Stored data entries
(* history of episodes 1..m (episodes are numbered from 1) *)
Fixpoint history {R : realType} {X A : finType} (H : nat) (lam v : R)
    (thetabar : nat -> X -> A -> R) (greedy : (A -> R) -> A)
    (xi : nat -> nat -> X -> A -> R) (Y : nat -> nat -> X -> A -> outcome X)
    (X0 : nat -> X) (m : nat) : seq (episode X A) :=
  match m with
  | 0 => [::]
  | m'.+1 =>
      let h := history H lam v thetabar greedy xi Y X0 m' in
      rcons h (run_episode greedy (Qfun H lam v thetabar h (xi m'.+1))
                 (Y m'.+1) (X0 m'.+1))
  end.

Definition RLSVI_Q {R : realType} {X A : finType} (H : nat) (lam v : R)
    (thetabar : nat -> X -> A -> R) (greedy : (A -> R) -> A)
    (xi : nat -> nat -> X -> A -> R) (Y : nat -> nat -> X -> A -> outcome X)
    (X0 : nat -> X) (l t : nat) : X -> A -> R :=
  Qfun H lam v thetabar (history H lam v thetabar greedy xi Y X0 l.-1) (xi l) t.

(* Fix the noise, let [Xi] be the largest [|xi|] that is used and
   [c = sqrt lam * Xi].  Each application of [Fop] is the convex combination,
   with weight [al] on the prior mean [H], of [H] and an empirical mean of
   [V_Q], plus noise of size at most [sqrt al * c].  Backward induction bounds
   [||V_(Q_(t+1))||] by [2H - 1 + c (H + 2) / 4]: every period adds the reward
   1, and once the bound [B] satisfies [B - H >= c] the noise adds at most
   [sqrt al * c - al * (B - H) <= c / 4].  For [N] standard normals,
   [1 + x <= e^x] and [e^(s Xi) <= 1 + sum (e^(s xi) + e^(-s xi))] give
   [E Xi <= 2 sqrt (ln (1 + N))] for [s = 2 sqrt (ln (1 + N))]; finally
   [lam <= H^2 / 2] yields [sqrt lam (H + 2) / 2 <= H^2].  The bound on [V]
   holds for every realisation and [E Xi] only involves the marginal laws of
   the [xi]. *)

From Pilot Require Import Defs.
From mathcomp Require Import all_boot all_order all_algebra.
From mathcomp Require Import all_classical all_reals all_analysis.
From mathcomp Require Import normal_distribution measurable_realfun.
From mathcomp Require Import ring lra zify.
Import Order.TTheory GRing.Theory Num.Theory.
Local Open Scope classical_set_scope.
Local Open Scope ring_scope.

Section integral_density.
Import HBNNSimple.
Local Open Scope ereal_scope.
Context {d} {T : measurableType d} {R : realType}.
Variables (mu nu : {measure set T -> \bar R}).
Context {g : T -> R}.
Hypotheses (mg : measurable_fun setT g) (g0 : forall x, (0 <= g x)%R)
  (nuE : forall A, measurable A -> nu A = \int[mu]_(x in A) (g x)%:E).

Let integral_indic_density (A : set T) : measurable A ->
  \int[mu]_x ((\1_A x)%:E * (g x)%:E) = nu A.
Proof.
move=> mA; rewrite nuE // [RHS]integral_mkcond; apply: eq_integral => x _.
by rewrite /patch indicE; case: (x \in A); rewrite ?mul1e ?mul0e.
Qed.

Let integral_nnsfun_density (h : {nnsfun T >-> R}) :
  \int[nu]_x (h x)%:E = \int[mu]_x ((h x)%:E * (g x)%:E).
Proof.
have mEg : measurable_fun setT (EFin \o g) by exact/measurable_EFinP.
under [LHS]eq_integral => x _ do rewrite fimfunE -fsumEFin//.
rewrite [LHS]ge0_integral_fsum//; last 2 first.
  - by move=> r; exact/measurable_EFinP/measurableT_comp.
  - by move=> n x _; rewrite EFinM nnfun_muleindic_ge0.
under [RHS]eq_integral.
  move=> x _; rewrite fimfunE -fsumEFin// ge0_mule_fsuml; last first.
    by move=> r; rewrite EFinM nnfun_muleindic_ge0.
  over.
rewrite [RHS]ge0_integral_fsum//; last 2 first.
  - move=> r; apply: emeasurable_funM; last exact: mEg.
    by apply/measurable_EFinP; do 2 apply/measurableT_comp => //.
  - move=> n x _; apply: mule_ge0; last by rewrite lee_fin.
    by rewrite EFinM nnfun_muleindic_ge0.
apply: eq_fsbigr => r _.
have [r0|r0] := leP 0%R r; last first.
  rewrite preimage_nnfun0// indic0.
  rewrite integral0_eq; last by move=> x _; rewrite /= mulr0.
  by rewrite integral0_eq// => x _; rewrite /= mulr0 mul0e.
rewrite integralZl_indic_nnsfun// integral_indic// setIT.
under eq_integral do rewrite EFinM -muleA.
rewrite ge0_integralZl//.
- by rewrite integral_indic_density//; exact: measurable_funPTI.
- apply: emeasurable_funM => //.
  by apply/measurable_EFinP; apply/measurable_indic; exact: measurable_funPTI.
- by move=> x _; rewrite mule_ge0// lee_fin.
Qed.

Lemma ge0_integral_density (f : T -> \bar R) :
  measurable_fun setT f -> (forall x, 0 <= f x) ->
  \int[nu]_x f x = \int[mu]_x (f x * (g x)%:E).
Proof.
move=> mf f0; pose f_ := nnsfun_approx measurableT mf.
have f_nd x : {homo f_^~ x : m n / (m <= n)%N >-> (m <= n)%R}.
  by move=> m n mn; exact/lefP/nd_nnsfun_approx.
transitivity (limn (fun n => \int[nu]_x (f_ n x)%:E)).
  rewrite -monotone_convergence//=.
  - apply: eq_integral => x _; apply/esym/cvg_lim => //=.
    exact: cvg_nnsfun_approx.
  - by move=> n; exact/measurable_EFinP/measurable_funTS.
  - by move=> n x _; rewrite lee_fin.
  - by move=> x _ m n mn; rewrite lee_fin f_nd.
under eq_fun do rewrite integral_nnsfun_density.
rewrite -monotone_convergence//=.
- apply: eq_integral => x _; apply/cvg_lim => //=.
  by apply: cvgeZr => //; exact: cvg_nnsfun_approx.
- move=> n; apply: emeasurable_funM; last exact/measurable_EFinP.
  exact/measurable_EFinP/measurable_funTS.
- by move=> n x _; rewrite mule_ge0// lee_fin.
- by move=> x _ m n mn; rewrite lee_wpmul2r ?lee_fin ?f_nd.
Qed.

End integral_density.

Lemma measurable_expR_scale {d} {T : measurableType d} {R : realType}
    {f : T -> R} (s : R) :
  measurable_fun setT f -> measurable_fun setT (fun w => (expR (s * f w))%:E).
Proof.
move=> mf; apply/measurable_EFinP.
apply: (measurableT_comp (f := expR) (g := fun w => s * f w)).
  exact: measurable_expR.
exact: measurable_funM.
Qed.

Lemma normal_prob_mgf (R : realType) (s : R) :
  (\int[normal_prob 0 1]_x (expR (s * x))%:E = (expR (s ^+ 2 / 2))%:E)%E.
Proof.
rewrite (ge0_integral_density lebesgue_measure (normal_prob 0 1)
  (measurable_normal_pdf 0 1) (normal_pdf_ge0 0 1)) //; last first.
  apply/measurable_EFinP; apply: measurableT_comp; first exact: measurable_expR.
  exact: mulrl_measurable.
transitivity (\int[lebesgue_measure]_x
    ((expR (s ^+ 2 / 2))%:E * (normal_pdf s 1 x)%:E))%E.
  apply: eq_integral => x _; rewrite -!EFinM; congr EFin.
  rewrite !normal_pdfE ?oner_neq0 //= /normal_fun mulrCA [RHS]mulrCA.
  by congr (_ * _); rewrite -!expRD; congr expR; rewrite expr1n; field.
rewrite ge0_integralZl ?integral_normal_pdf ?mule1//.
- by apply/measurable_EFinP; exact: measurable_normal_pdf.
- by move=> x _; rewrite lee_fin normal_pdf_ge0.
Qed.

Lemma expR_bigmax_abs_le {R : realType} {I : finType} (f : I -> R) (s : R) :
  0 <= s -> expR (s * \big[Num.max/0]_i `|f i|) <=
    1 + \sum_i (expR (s * f i) + expR (- s * f i)).
Proof.
move=> s0; pose K (m S : R) := expR (s * m) <= 1 + S /\ 0 <= S.
suff : K (\big[Num.max/0]_i `|f i|) (\sum_i (expR (s * f i) + expR (- s * f i))).
  by case.
apply: big_ind2 => [|m1 S1 m2 S2 [e1 S1_ge0] [e2 S2_ge0]|i _].
- by rewrite /K mulr0 expR0 addr0.
- by split; [rewrite maxr_pMr // /Order.max; case: ifP => _ | ]; lra.
have e1 := expR_gt0 (s * f i); have e2 := expR_gt0 (- s * f i).
split; last lra.
by case: (ler0P (f i)) => _; rewrite ?mulrN -?mulNr; lra.
Qed.

Lemma bigmax_abs_le_expR_sum {R : realType} {I : finType} (f : I -> R) (s L : R) :
  0 < s -> \big[Num.max/0]_i `|f i| <= (expR (- L) + L - 1) / s +
    expR (- L) / s * \sum_i (expR (s * f i) + expR (- s * f i)).
Proof.
move=> s_gt0; set M := \big[Num.max/0]_i `|f i|; set S := \sum_i _.
have eM : expR (s * M) * expR (- L) <= (1 + S) * expR (- L).
  by rewrite ler_wpM2r ?expR_ge0 ?expR_bigmax_abs_le ?ltW.
have := expR_ge1Dx (s * M - L); rewrite expRD => e.
have -> : (expR (- L) + L - 1) / s + expR (- L) / s * S =
    (expR (- L) + L - 1 + expR (- L) * S) / s by field; rewrite gt_eqF.
by rewrite ler_pdivlMr // mulrC; lra.
Qed.

Lemma measurable_bigmax_abs {d} {T : measurableType d} {R : realType} {I : finType}
    (Z : I -> T -> R) : (forall i, measurable_fun setT (Z i)) ->
  measurable_fun setT (fun w => \big[Num.max/0]_i `|Z i w|).
Proof.
move=> mZ; elim: (index_enum I) => [|i r IH].
  by under eq_fun do rewrite big_nil; exact: measurable_cst.
under eq_fun do rewrite big_cons; apply: measurable_maxr => //.
exact: measurableT_comp (mZ i).
Qed.

Section expectation_bounds.
Context {d} {T : measurableType d} {R : realType} (P : probability T R).

Lemma standard_normal_mgf (Z : T -> R) : measurable_fun setT Z ->
  (forall B, measurable B -> P (Z @^-1` B) = normal_prob 0 1 B) ->
  forall s : R, (\int[P]_w (expR (s * Z w))%:E = (expR (s ^+ 2 / 2))%:E)%E.
Proof.
move=> mZ PZ s; rewrite -normal_prob_mgf.
pose Z' : T -> measurableTypeR R := Z.
have mZ' : measurable_fun setT Z' by exact: mZ.
have mexp : measurable_fun setT (fun x : measurableTypeR R => (expR (s * x))%:E).
  apply/measurable_EFinP; apply: measurableT_comp; first exact: measurable_expR.
  exact: mulrl_measurable.
transitivity (\int[pushforward P Z']_x (expR (s * x))%:E)%E; last first.
  by apply: eq_measure_integral => A mA _; apply: PZ; exact: mA.
by rewrite ge0_integral_pushforward// => x _; rewrite lee_fin expR_ge0.
Qed.

Lemma ge0_le_integral_nonmeasurable (f g : T -> \bar R) :
  (forall w, 0 <= f w)%E -> (forall w, f w <= g w)%E ->
  (\int[P]_w f w <= \int[P]_w g w)%E.
Proof.
move=> f0 fg; rewrite !ge0_integralE//; last first.
  by move=> w _; exact: le_trans (f0 w) (fg w).
apply: ereal_sup_le => _ [h hf <-]; exists h => //= w.
by apply: le_trans (hf w) _; rewrite /patch /=; case: ifP => // _; exact: fg.
Qed.

Lemma le_expectation_affine (F Z : T -> R) (a b z : R) :
  0 <= a -> 0 <= b -> measurable_fun setT Z -> (forall w, 0 <= Z w) ->
  (forall w, 0 <= F w <= a + b * Z w) ->
  (\int[P]_w (Z w)%:E <= z%:E)%E -> (\int[P]_w (F w)%:E <= (a + b * z)%:E)%E.
Proof.
move=> a0 b0 mZ Z0 FZ EZ.
apply: (@le_trans _ _ (\int[P]_w (a + b * Z w)%:E)%E).
  by apply: ge0_le_integral_nonmeasurable => w; rewrite lee_fin; case/andP: (FZ w).
have bZ0 w : (0 <= (b * Z w)%:E)%E by rewrite lee_fin mulr_ge0.
have mbZ : measurable_fun setT (fun w => (b * Z w)%:E).
  exact/measurable_EFinP/measurable_funM.
under eq_integral do rewrite EFinD.
rewrite ge0_integralD// ?lee_fin// integral_cst//= probability_setT mule1 EFinD.
rewrite leeD2l//; under eq_integral do rewrite EFinM.
rewrite ge0_integralZl//; first by rewrite EFinM lee_wpmul2l ?lee_fin.
- exact/measurable_EFinP.
- by move=> w _; rewrite lee_fin.
Qed.

Lemma expectation_sum_expR_standard_normal (I : finType) (Z : I -> T -> R) :
  (forall i, measurable_fun setT (Z i)) ->
  (forall i B, measurable B -> P (Z i @^-1` B) = normal_prob 0 1 B) ->
  forall s : R, (\int[P]_w (\sum_i (expR (s * Z i w) + expR (- s * Z i w)))%:E
    = (#|I|%:R * (2 * expR (s ^+ 2 / 2)))%:E)%E.
Proof.
move=> mZ PZ s.
have mE i (r : R) := measurable_expR_scale r (mZ i).
have E0 i (r : R) w : (0 <= (expR (r * Z i w))%:E)%E by rewrite lee_fin expR_ge0.
under eq_integral do rewrite -sumEFin; under eq_integral do under eq_bigr do rewrite EFinD.
rewrite ge0_integral_sum//; first last.
- by move=> i w _; exact: adde_ge0.
- by move=> i; exact: emeasurable_funD.
under eq_bigr do rewrite ge0_integralD// !(standard_normal_mgf _ (mZ _) (PZ _)) sqrrN.
by rewrite sumEFin sumr_const !mulr_natl -mulr2n.
Qed.

Lemma expectation_bigmax_abs_standard_normal_le (I : finType) (Z : I -> T -> R)
    (s L : R) :
  (forall i, measurable_fun setT (Z i)) ->
  (forall i B, measurable B -> P (Z i @^-1` B) = normal_prob 0 1 B) -> 0 < s ->
  (\int[P]_w (\big[Num.max/0]_i `|Z i w|)%:E <=
    (((1 + #|I|%:R * (2 * expR (s ^+ 2 / 2))) * expR (- L) + L - 1) / s)%:E)%E.
Proof.
move=> mZ PZ s_gt0.
pose S w := \sum_i (expR (s * Z i w) + expR (- s * Z i w)).
have /eqP := expectation_sum_expR_standard_normal _ _ mZ PZ s.
rewrite eq_le => /andP[ES _].
apply: le_trans (le_expectation_affine _ S ((expR (- L) + L - 1) / s)
  (expR (- L) / s) _ _ _ _ _ _ ES) _.
- by rewrite divr_ge0 ?(ltW s_gt0) //; have := expR_ge1Dx (- L); lra.
- by rewrite divr_ge0 ?expR_ge0 ?(ltW s_gt0).
- apply: measurable_sum => i; apply: measurable_funD;
    by apply/measurable_EFinP; exact: measurable_expR_scale _ (mZ i).
- by move=> w; apply: sumr_ge0 => i _; rewrite addr_ge0 ?expR_ge0.
- by move=> w; rewrite bigmax_ge_id bigmax_abs_le_expR_sum.
rewrite lee_fin le_eqVlt; apply/orP; left; apply/eqP.
by field; rewrite gt_eqF.
Qed.
(* Let $n\ge 1$, let $f$ be the standard Gaussian density on $\mathbb{R}^n$, and let $\phi:\mathbb{R}^n\to\mathbb{R}_+$ be a non-negative measurable function with $E=\int \phi(\mathbf{x})f(\mathbf{x})\,\mathrm{d}\mathbf{x}\in(0,\infty)$. Let $g^*=\phi f/E$, and let $\mathbf{m}^*=\mathbb{E}_{g^*}(\mathbf{X})$ and $\Sigma^*=\mathrm{Var}_{g^*}(\mathbf{X})$ be the mean and covariance matrix of $g^*$ (assumed to exist, with $\Sigma^*$ symmetric positive definite). Let $(\lambda^*_i,\mathbf{d}^*_i)$, $i=1,\dots,n$, be eigenpairs of $\Sigma^*$ (i.e. $\Sigma^*\mathbf{d}^*_i=\lambda^*_i\mathbf{d}^*_i$, with $\mathbf{d}^*_1,\dots,\mathbf{d}^*_n$ an orthonormal basis of $\mathbb{R}^n$) ranked in increasing $\ell$-order, i.e. $\ell(\lambda^*_1)\le \cdots\le \ell(\lambda^*_n)$, where $\ell(x)=\log(x)-x+1$ for $x>0$. Then for every $1\le k\le n$, the solution $\Sigma^*_k$ of the minimization problem $$\Sigma^*_k=\arg\min\{D(g^*,g_{\mathbf{m}^*,\Sigma}) : \Sigma\in\mathcal{L}_{n,k}\}$$ is given by $$\Sigma^*_k=I_n+\sum_{i=1}^k(\lambda^*_i-1)\,\mathbf{d}^*_i(\mathbf{d}^*_i)^\top .$$
   Context: For $\mathbf{m}\in\mathbb{R}^n$ and $\Sigma$ a symmetric positive definite $n\times n$ matrix, $g_{\mathbf{m},\Sigma}$ denotes the Gaussian density on $\mathbb{R}^n$ with mean $\mathbf{m}$ and covariance $\Sigma$. For densities $p,h$ with $p$ absolutely continuous with respect to $h$, the Kullback--Leibler divergence is $D(p,h)=\int \log\big(p(\mathbf{x})/h(\mathbf{x})\big)p(\mathbf{x})\,\mathrm{d}\mathbf{x}$. The set $\mathcal{L}_{n,k}$ is $$\mathcal{L}_{n,k}=\Big\{\sum_{i=1}^k(\alpha_i-1)\frac{\mathbf{d}_i\mathbf{d}_i^\top}{\|\mathbf{d}_i\|^2}+I_n : \alpha_1,\dots,\alpha_k>0,\ \mathbf{d}_1,\dots,\mathbf{d}_k\in\mathbb{R}^n\setminus\{0\}\text{ pairwise orthogonal}\Big\},$$ where $I_n$ is the $n\times n$ identity matrix. *)

From HB Require Import structures.
From mathcomp Require Import all_boot all_order all_algebra.
From mathcomp Require Import all_classical all_reals all_analysis.
Set Implicit Arguments. Unset Strict Implicit. Unset Printing Implicit Defensive.
Import Order.TTheory GRing.Theory Num.Theory.
Local Open Scope ring_scope.
(* Let $\mathbf{A}$ be an $n\times k$ matrix with i.i.d. $\mathrm{Bernoulli}(p)$ entries. Let $\mathcal{S}$ be a set of size $m>k$ drawn uniformly at random from $[n]$, let $\mathbf{A}_{\mathcal{S}}$ be the $m\times k$ submatrix formed by the rows of $\mathbf{A}$ indexed by $\mathcal{S}$, and let $\alpha=\max(p,1-p)$. Then $$\mathbb{P}\left[\mathrm{rank}_{\mathbb{R}}(\mathbf{A}_{\mathcal{S}})=k\right]\ge 1-\min\left(1,k\cdot\alpha^{m-k+1}\right).$$ *)

From HB Require Import structures.
From mathcomp Require Import all_boot all_order all_algebra.
From mathcomp Require Import reals.
Set Implicit Arguments. Unset Strict Implicit. Unset Printing Implicit Defensive.
Import Order.TTheory GRing.Theory Num.Theory.
Local Open Scope ring_scope.

Definition bern_weight (R : realType) (p : R) (n k : nat) (A : 'M[bool]_(n, k)) : R :=
  \prod_(i < n) \prod_(j < k) (if A i j then p else 1 - p).

Definition row_submx (R : realType) (n k : nat) (A : 'M[bool]_(n, k))
  (S : {set 'I_n}) : 'M[R]_(#|S|, k) :=
  \matrix_(i < #|S|, j < k) ((A (@enum_val _ (mem S) i) j)%:R : R).

(* P[ rank_R(A_S) = k ] where A ~ i.i.d. Bernoulli(p) (n x k) and S is drawn
   uniformly among the m-subsets of [n], independently of A. *)
Definition prob_full_col_rank (R : realType) (p : R) (n k m : nat) : R :=
  \sum_(A : 'M[bool]_(n, k))
    \sum_(S : {set 'I_n} | #|S| == m)
      bern_weight p A * ('C(n, m)%:R)^-1 * ((\rank (row_submx R A S) == k)%:R).

From HB Require Import structures.
From mathcomp Require Import all_boot all_order all_algebra.
From mathcomp Require Import reals zify.
Import Order.TTheory GRing.Theory Num.Theory.
Local Open Scope ring_scope.

(* Fix the row set S, of size s >= k.  The columns of A_S are independent
   Bernoulli vectors of {0,1}^s, and if A_S is rank deficient then some column
   j lies in the span of the columns before it, a subspace of dimension at
   most j.  A subspace of dimension r is determined by r pivot coordinates, so
   two of its vectors agreeing on the other s - r coordinates coincide; hence,
   conditionally on the other columns, column j lands in it with probability at
   most alpha^(s - j).  A union bound over j < k gives k alpha^(s - k + 1), and
   averaging over S keeps the bound. *)

Section RowSpace.
Variable F : fieldType.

The task.
Beginning with the first line of the entries, repeat each line exactly until you have reproduced the one containing "Qfun H lam v thetabar (history", and add nothing further.

Task response.
(* history of episodes 1..m (episodes are numbered from 1) *)
Fixpoint history {R : realType} {X A : finType} (H : nat) (lam v : R)
    (thetabar : nat -> X -> A -> R) (greedy : (A -> R) -> A)
    (xi : nat -> nat -> X -> A -> R) (Y : nat -> nat -> X -> A -> outcome X)
    (X0 : nat -> X) (m : nat) : seq (episode X A) :=
  match m with
  | 0 => [::]
  | m'.+1 =>
      let h := history H lam v thetabar greedy xi Y X0 m' in
      rcons h (run_episode greedy (Qfun H lam v thetabar h (xi m'.+1))
                 (Y m'.+1) (X0 m'.+1))
  end.

Definition RLSVI_Q {R : realType} {X A : finType} (H : nat) (lam v : R)
    (thetabar : nat -> X -> A -> R) (greedy : (A -> R) -> A)
    (xi : nat -> nat -> X -> A -> R) (Y : nat -> nat -> X -> A -> outcome X)
    (X0 : nat -> X) (l t : nat) : X -> A -> R :=
  Qfun H lam v thetabar (history H lam v thetabar greedy xi Y X0 l.-1) (xi l) t.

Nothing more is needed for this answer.